BEGIN Data for processing

Lemma domGring_subspace : subspace domGring.
Proof.
split; first by exists 0 => y _; rewrite inner0r oppr0 inner0r.
move=> c u v /domGring_Gring Gu /domGring_Gring Gv; exists (c *: G u + G v) => y Dy.
by rewrite innerDr innerZr Gu // Gv // opprD innerDr -scalerN innerZr.
Qed.

Lemma domDring_subspace : subspace domDring.
Proof.
split; first by exists 0 => x _; rewrite !inner0r.
move=> c q r [z qz] [z' rz]; exists (c *: z + z') => x Gx.
by rewrite innerDr innerZr qz // rz // innerDr innerZr.
Qed.

Lemma domGring_complete : complete_in FG domGring.
Proof.
apply: (complete_in_ext _
  (graph_annihilator_complete (F := fun f => exists2 y, domD y & f = (D y, y)))).
move=> u; rewrite domGringP; split=> -[Gu u_orth]; split=> //.
  move=> _ [y Dy ->]; apply/eqP; rewrite -conjc_eq0 /pip /= rmorphD /= -!innerC.
  exact/eqP/u_orth.
move=> y Dy; have /u_orth : exists2 y', domD y' & (D y, y) = (D y', y') by exists y.
rewrite /pip /= => uy0.
by apply/eqP; rewrite -conjc_eq0 /Phi rmorphD /= -!innerC uy0.
Qed.

Lemma domDring_complete : complete_in FD domDring.
Proof.
apply: (complete_in_ext _
  (graph_annihilator_complete (F := fun f => exists2 x, domG x & f = (G x, x)))).
move=> q; rewrite domDringP; split=> -[Dq q_orth]; split=> //.
  by move=> _ [x Gx ->]; rewrite /pip /= addrC; apply: q_orth.
by move=> x Gx; rewrite /Phi addrC; apply: (q_orth (G x, x)); exists x.
Qed.

Lemma projBDD_exists y : domD y -> exists q, projBDD y q.
Proof.
move=> Dy; have [q yq] := exists_orth_proj_compl (F := FD) domDring_dom
  domDring_subspace domDring_complete Dy.
by exists q; exact: yq.
Qed.

Lemma projBDD_residual y q : domD y -> projBDD y q -> domDring (y - q).
Proof.
move=> Dy yq; apply: (orth_proj_compl_residual (F := FD) domDring_dom
  domDring_subspace domDring_complete _ Dy yq).
by move=> x _; apply: graph_ip_definite.
Qed.

Lemma projBDG_residual u p : domG u -> projBDG u p -> domGring (u - p).
Proof.
move=> Gu up; apply: (orth_proj_compl_residual (F := FG) domGring_dom
  domGring_subspace domGring_complete _ Gu up).
by move=> x _; apply: graph_ip_definite.
Qed.

Lemma projBDG_of_residual u p : domG u -> BDG p -> domGring (u - p) -> projBDG u p.
Proof. by move=> Gu Bp Vup; exact: (orth_proj_compl (F := FG) domGring_dom Gu Vup Bp). Qed.

Lemma Phi_projBDD y q u : domD y -> projBDD y q -> domG u -> Phi q u = Phi y u.
Proof.
move=> Dy yq Gu; have [_ Phi0] := (domDringP _).1 (projBDD_residual Dy yq).
have Dq : domD q := yq.1.1.
have := Phi0 u Gu; rewrite /Phi DB // !innerBl addrACA -opprD => /eqP.
by rewrite subr_eq0 => /eqP.
Qed.

Definition tform u v := inner h1 (a (G u)) (G v) + inner h0 (m u) v.

Lemma tform_linear c u w v : domG u -> domG w ->
  tform (c *: u + w) v = c * tform u v + tform w v.
Proof.
move=> Gu Gw; rewrite /tform (dd_closed_linear HG) // (bounded_op_linear Ha c I I).
by rewrite (bounded_op_linear Hm c I I) !inner_linear mulrDr addrACA.
Qed.

Lemma tformB u w v : domG u -> domG w -> tform (u - w) v = tform u v - tform w v.
Proof. by move=> Gu Gw; rewrite /tform GB // aB mB !innerBl addrACA opprD. Qed.

Lemma Tring_tform u v : domGring u -> domGring v -> hip FG (T u) v = tform u v.
Proof. by move=> /HT[_ Tu_rep] /Tu_rep. Qed.

Lemma ker_adjE v :
  ker_adj v -> [/\ domGring v, domD (astar (G v)) & D (astar (G v)) = mstar v].
Proof.
case=> w [Gvw DaGw mvE]; have [_ GvE] := Gring_graph Gvw; subst w.
by split=> //; exists (G v).
Qed.

Lemma Phi_proj_ker_adj v q u : ker_adj v -> projBDD (astar (G v)) q -> domG u ->
  Phi q u = conjc (tform u v).
Proof.
move=> /ker_adjE[_ DaGv DaGvE] vq Gu; rewrite (Phi_projBDD DaGv vq Gu) /Phi DaGvE.
by rewrite /tform [inner h0 _ u]innerC [inner h1 _ (G u)]innerC -Hms -Has -rmorphD addrC.
Qed.

Lemma tform_solution_eq0 u v :
  m u = D (a (G u)) -> domD (a (G u)) -> domGring v -> tform u v = 0.
Proof. by move=> muE DaGu /domGring_Gring Gv; rewrite /tform muE Gv // innerNr addrN. Qed.

Lemma tform_ker_adj_eq0 w v : domGring w -> ker_adj v -> tform w v = 0.
Proof.
move=> /domGring_Gring Gw /ker_adjE[_ DaGv DaGvE].
rewrite /tform Hms -DaGvE [inner h0 w _]innerC (Gw _ DaGv) -innerC innerNl.
by rewrite -Has addrN.
Qed.

Lemma solution_of_tform u : domG u -> (forall v, domGring v -> tform u v = 0) ->
  domD (a (G u)) /\ D (a (G u)) = m u.
Proof.
move=> Gu u_weak; apply: (closed_biadjoint HD) => p z adj.
have [Vp GpE] := domGring_of_adj adj.
have /eqP := u_weak p Vp; rewrite /tform GpE innerNr addrC subr_eq0.
by move=> /eqP ->.
Qed.

Lemma ker_adj_of_tform s : domGring s -> (forall u, domGring u -> tform u s = 0) ->
  ker_adj s.
Proof.
move=> Vs s_orth.
have [DaGs DaGsE] : domD (astar (G s)) /\ D (astar (G s)) = mstar s.
  apply: (closed_biadjoint HD) => p z adj; have [Vp GpE] := domGring_of_adj adj.
  have /eqP := s_orth p Vp; rewrite /tform Has Hms GpE innerNl addrC subr_eq0.
  by move=> /eqP zE; rewrite innerC -zE -innerC.
by exists (G s); split=> //; exact: domGring_Gring.
Qed.

Definition ranTring x := exists u, domGring u /\ x = T u.

Lemma domGring_Tring u : domGring u -> domGring (T u).
Proof. by case/HT. Qed.

Lemma ranTring_dom x : ranTring x -> domG x.
Proof. by case=> u [Vu ->]; apply/domGring_dom/domGring_Tring. Qed.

END Data for processing

-- Task objective --
Each entry is to be given again, exactly as it stands.

-- Your solution --
Lemma domGring_subspace : subspace domGring.
Proof.
split; first by exists 0 => y _; rewrite inner0r oppr0 inner0r.
move=> c u v /domGring_Gring Gu /domGring_Gring Gv; exists (c *: G u + G v) => y Dy.
by rewrite innerDr innerZr Gu // Gv // opprD innerDr -scalerN innerZr.
Qed.

Lemma domDring_subspace : subspace domDring.
Proof.
split; first by exists 0 => x _; rewrite !inner0r.
move=> c q r [z qz] [z' rz]; exists (c *: z + z') => x Gx.
by rewrite innerDr innerZr qz // rz // innerDr innerZr.
Qed.

Lemma domGring_complete : complete_in FG domGring.
Proof.
apply: (complete_in_ext _
  (graph_annihilator_complete (F := fun f => exists2 y, domD y & f = (D y, y)))).
move=> u; rewrite domGringP; split=> -[Gu u_orth]; split=> //.
  move=> _ [y Dy ->]; apply/eqP; rewrite -conjc_eq0 /pip /= rmorphD /= -!innerC.
  exact/eqP/u_orth.
move=> y Dy; have /u_orth : exists2 y', domD y' & (D y, y) = (D y', y') by exists y.
rewrite /pip /= => uy0.
by apply/eqP; rewrite -conjc_eq0 /Phi rmorphD /= -!innerC uy0.
Qed.

Lemma domDring_complete : complete_in FD domDring.
Proof.
apply: (complete_in_ext _
  (graph_annihilator_complete (F := fun f => exists2 x, domG x & f = (G x, x)))).
move=> q; rewrite domDringP; split=> -[Dq q_orth]; split=> //.
  by move=> _ [x Gx ->]; rewrite /pip /= addrC; apply: q_orth.
by move=> x Gx; rewrite /Phi addrC; apply: (q_orth (G x, x)); exists x.
Qed.

Lemma projBDD_exists y : domD y -> exists q, projBDD y q.
Proof.
move=> Dy; have [q yq] := exists_orth_proj_compl (F := FD) domDring_dom
  domDring_subspace domDring_complete Dy.
by exists q; exact: yq.
Qed.

Lemma projBDD_residual y q : domD y -> projBDD y q -> domDring (y - q).
Proof.
move=> Dy yq; apply: (orth_proj_compl_residual (F := FD) domDring_dom
  domDring_subspace domDring_complete _ Dy yq).
by move=> x _; apply: graph_ip_definite.
Qed.

Lemma projBDG_residual u p : domG u -> projBDG u p -> domGring (u - p).
Proof.
move=> Gu up; apply: (orth_proj_compl_residual (F := FG) domGring_dom
  domGring_subspace domGring_complete _ Gu up).
by move=> x _; apply: graph_ip_definite.
Qed.

Lemma projBDG_of_residual u p : domG u -> BDG p -> domGring (u - p) -> projBDG u p.
Proof. by move=> Gu Bp Vup; exact: (orth_proj_compl (F := FG) domGring_dom Gu Vup Bp). Qed.

Lemma Phi_projBDD y q u : domD y -> projBDD y q -> domG u -> Phi q u = Phi y u.
Proof.
move=> Dy yq Gu; have [_ Phi0] := (domDringP _).1 (projBDD_residual Dy yq).
have Dq : domD q := yq.1.1.
have := Phi0 u Gu; rewrite /Phi DB // !innerBl addrACA -opprD => /eqP.
by rewrite subr_eq0 => /eqP.
Qed.

Definition tform u v := inner h1 (a (G u)) (G v) + inner h0 (m u) v.

Lemma tform_linear c u w v : domG u -> domG w ->
  tform (c *: u + w) v = c * tform u v + tform w v.
Proof.
move=> Gu Gw; rewrite /tform (dd_closed_linear HG) // (bounded_op_linear Ha c I I).
by rewrite (bounded_op_linear Hm c I I) !inner_linear mulrDr addrACA.
Qed.

Lemma tformB u w v : domG u -> domG w -> tform (u - w) v = tform u v - tform w v.
Proof. by move=> Gu Gw; rewrite /tform GB // aB mB !innerBl addrACA opprD. Qed.

Lemma Tring_tform u v : domGring u -> domGring v -> hip FG (T u) v = tform u v.
Proof. by move=> /HT[_ Tu_rep] /Tu_rep. Qed.

Lemma ker_adjE v :
  ker_adj v -> [/\ domGring v, domD (astar (G v)) & D (astar (G v)) = mstar v].
Proof.
case=> w [Gvw DaGw mvE]; have [_ GvE] := Gring_graph Gvw; subst w.
by split=> //; exists (G v).
Qed.

Lemma Phi_proj_ker_adj v q u : ker_adj v -> projBDD (astar (G v)) q -> domG u ->
  Phi q u = conjc (tform u v).
Proof.
move=> /ker_adjE[_ DaGv DaGvE] vq Gu; rewrite (Phi_projBDD DaGv vq Gu) /Phi DaGvE.
by rewrite /tform [inner h0 _ u]innerC [inner h1 _ (G u)]innerC -Hms -Has -rmorphD addrC.
Qed.

Lemma tform_solution_eq0 u v :
  m u = D (a (G u)) -> domD (a (G u)) -> domGring v -> tform u v = 0.
Proof. by move=> muE DaGu /domGring_Gring Gv; rewrite /tform muE Gv // innerNr addrN. Qed.

Lemma tform_ker_adj_eq0 w v : domGring w -> ker_adj v -> tform w v = 0.
Proof.
move=> /domGring_Gring Gw /ker_adjE[_ DaGv DaGvE].
rewrite /tform Hms -DaGvE [inner h0 w _]innerC (Gw _ DaGv) -innerC innerNl.
by rewrite -Has addrN.
Qed.

Lemma solution_of_tform u : domG u -> (forall v, domGring v -> tform u v = 0) ->
  domD (a (G u)) /\ D (a (G u)) = m u.
Proof.
move=> Gu u_weak; apply: (closed_biadjoint HD) => p z adj.
have [Vp GpE] := domGring_of_adj adj.
have /eqP := u_weak p Vp; rewrite /tform GpE innerNr addrC subr_eq0.
by move=> /eqP ->.
Qed.

Lemma ker_adj_of_tform s : domGring s -> (forall u, domGring u -> tform u s = 0) ->
  ker_adj s.
Proof.
move=> Vs s_orth.
have [DaGs DaGsE] : domD (astar (G s)) /\ D (astar (G s)) = mstar s.
  apply: (closed_biadjoint HD) => p z adj; have [Vp GpE] := domGring_of_adj adj.
  have /eqP := s_orth p Vp; rewrite /tform Has Hms GpE innerNl addrC subr_eq0.
  by move=> /eqP zE; rewrite innerC -zE -innerC.
by exists (G s); split=> //; exact: domGring_Gring.
Qed.

Definition ranTring x := exists u, domGring u /\ x = T u.

Lemma domGring_Tring u : domGring u -> domGring (T u).
Proof. by case/HT. Qed.

Lemma ranTring_dom x : ranTring x -> domG x.
Proof. by case=> u [Vu ->]; apply/domGring_dom/domGring_Tring. Qed.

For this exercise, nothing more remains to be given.